Unit tests were added for each of the above cases.

Diff Detail

Event Timeline

clayborg created this revision.May 1 2017, 11:05 AM
probinson edited edge metadata.May 1 2017, 1:00 PM

Mostly formatting and commentary points. I haven't looked at the test yet.

lib/DebugInfo/DWARF/DWARFContext.cpp
289

I know this is the idiom used everywhere else, but here instead of the 'if' guarding a call or a just a few lines, it's guarding essentially the entire method. I'd rather see this inverted to an early exit here, and reduce indentation in the rest of the method.

301

So, most cross-section references are verified based on the attribute (because they use forms that can refer to different sections based on context), but sometimes they are just based on the form (because the form only allows a reference to one other section, like FORM_strp).

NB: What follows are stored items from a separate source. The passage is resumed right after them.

(* Let $a<b$ be positive integers such that $b$ is not a multiple of $a$, and let $$B=\begin{pmatrix}0&-a&0&b\\1&0&-1&0\\0&a&0&-b\\-1&0&1&0\end{pmatrix}.$$ Then $B$ is skew-symmetrizable with skew-symmetrizer $\operatorname{diag}(1,a,1,b)$ (hence strongly primitive when $\gcd(a,b)=1$), and $B$ does not admit a global unfolding. More precisely, for every unfolding $(C,(e_i),(E_i))$ of $B$, the data $(\mu_2\mu_4(C),(e_i),(E_i))$ is not an unfolding of $\mu_2\mu_4(B)$: the $E_1\times E_3$ block of $\mu_2\mu_4(C)$ contains both a positive and a negative entry.
   Context: An $n\times n$ integer matrix $B$ is skew-symmetrizable if there is $D=\operatorname{diag}(d_1,\dots,d_n)$ with positive integer entries such that $DB$ is skew-symmetric; strongly primitive if such $D$ can be chosen with pairwise coprime $d_i$. Matrix mutation: $\mu_k(B)=B'$ with $b'_{ij}=-b_{ij}$ if $i=k$ or $j=k$, and $b'_{ij}=b_{ij}+\frac{b_{ik}|b_{kj}|+|b_{ik}|b_{kj}}{2}$ otherwise. An unfolding of $B$ is a triple $(C,(e_i)_{i=1}^n,(E_i)_{i=1}^n)$: positive integers $e_i$ with $b_{ij}e_j=-b_{ji}e_i$; disjoint index sets $E_i$ with $|E_i|=e_i$; a skew-symmetric integer matrix $C$ indexed by $\bigcup E_i$, such that (1) the sum of entries in each column of each $E_i\times E_j$ block of $C$ equals $b_{ij}$, and (2) if $b_{ij}\ge0$ then the $E_i\times E_j$ block of $C$ has all entries nonnegative. For an unfolding, the composite mutation $\mu_k=\prod_{\bar k\in E_k}\mu_{\bar k}$ of $C$ is well defined (its factors commute). $B$ admits a global unfolding if some unfolding $(C,(e_i),(E_i))$ has the property that for every finite sequence $(k_1,\dots,k_\ell)$ of indices, $(\mu_{k_\ell}\cdots\mu_{k_1}(C),(e_i),(E_i))$ is an unfolding of $\mu_{k_\ell}\cdots\mu_{k_1}(B)$. *)

From HB Require Import structures.
From mathcomp Require Import all_boot all_order all_algebra.
Set Implicit Arguments. Unset Strict Implicit. Unset Printing Implicit Defensive.
Import Order.TTheory GRing.Theory Num.Theory.
Local Open Scope ring_scope.

(* Integer matrices indexed by 'I_n (0-based: paper index i is here i-1). *)

Definition skew_symmetrizer (n : nat) (B : 'M[int]_n) (d : 'I_n -> nat) : Prop :=
  (forall i, (0 < d i)%N) /\
  (forall i j, (d i)%:Z * B i j = - ((d j)%:Z * B j i)).

Definition skew_symmetrizable (n : nat) (B : 'M[int]_n) : Prop :=
  exists d, skew_symmetrizer B d.

Definition strongly_primitive (n : nat) (B : 'M[int]_n) : Prop :=
  exists d, skew_symmetrizer B d /\ (forall i j, i != j -> coprime (d i) (d j)).

(* Matrix mutation at k. The numerator is always even, so division is exact. *)
Definition mutate (n : nat) (k : 'I_n) (B : 'M[int]_n) : 'M[int]_n :=
  \matrix_(i, j)
    if (i == k) || (j == k) then - B i j
    else B i j + ((B i k * `|B k j| + `|B i k| * B k j) %/ 2)%Z.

Did I get that right? It would be nice to see a comment alluding to why some references are done one way and some another way.

302

This indentation doesn't look right; maybe use clang-format?

391

I wonder if forms that should have been handled by-attribute should be explicitly documented here. Or maybe that would be too much clutter? I am not sure.

clayborg added inline comments.May 1 2017, 1:09 PM
lib/DebugInfo/DWARF/DWARFContext.cpp
289

I am breaking my change up into many piece more to come. This if should remain for now since the a future patch will need this to be here.

301

I can add a comment.

391

We would mention them here, but I think that might clutter things.

LGTM but I think Adrian should have a chance at it, as he had many comments on the previous iteration.

lib/DebugInfo/DWARF/DWARFContext.cpp
289

ok but will probably want to be broken up into easier-to-digest pieces later then.

aprantl added inline comments.May 1 2017, 2:14 PM
lib/DebugInfo/DWARF/DWARFContext.cpp
288

Success

290

Would it make sense to split this entire verifier into a separate function?
Alternatively, if many verifiers need to iterate over the same data, would it make sense to split this out into a verify/visitCompileUnit function?

293

please clang-format

tools/llvm-dwarfdump/llvm-dwarfdump.cpp
107

Do we really want to exit() here? What happens when llvm-dwarfdump is invoked on a .dSYM or static archive with more than one object file?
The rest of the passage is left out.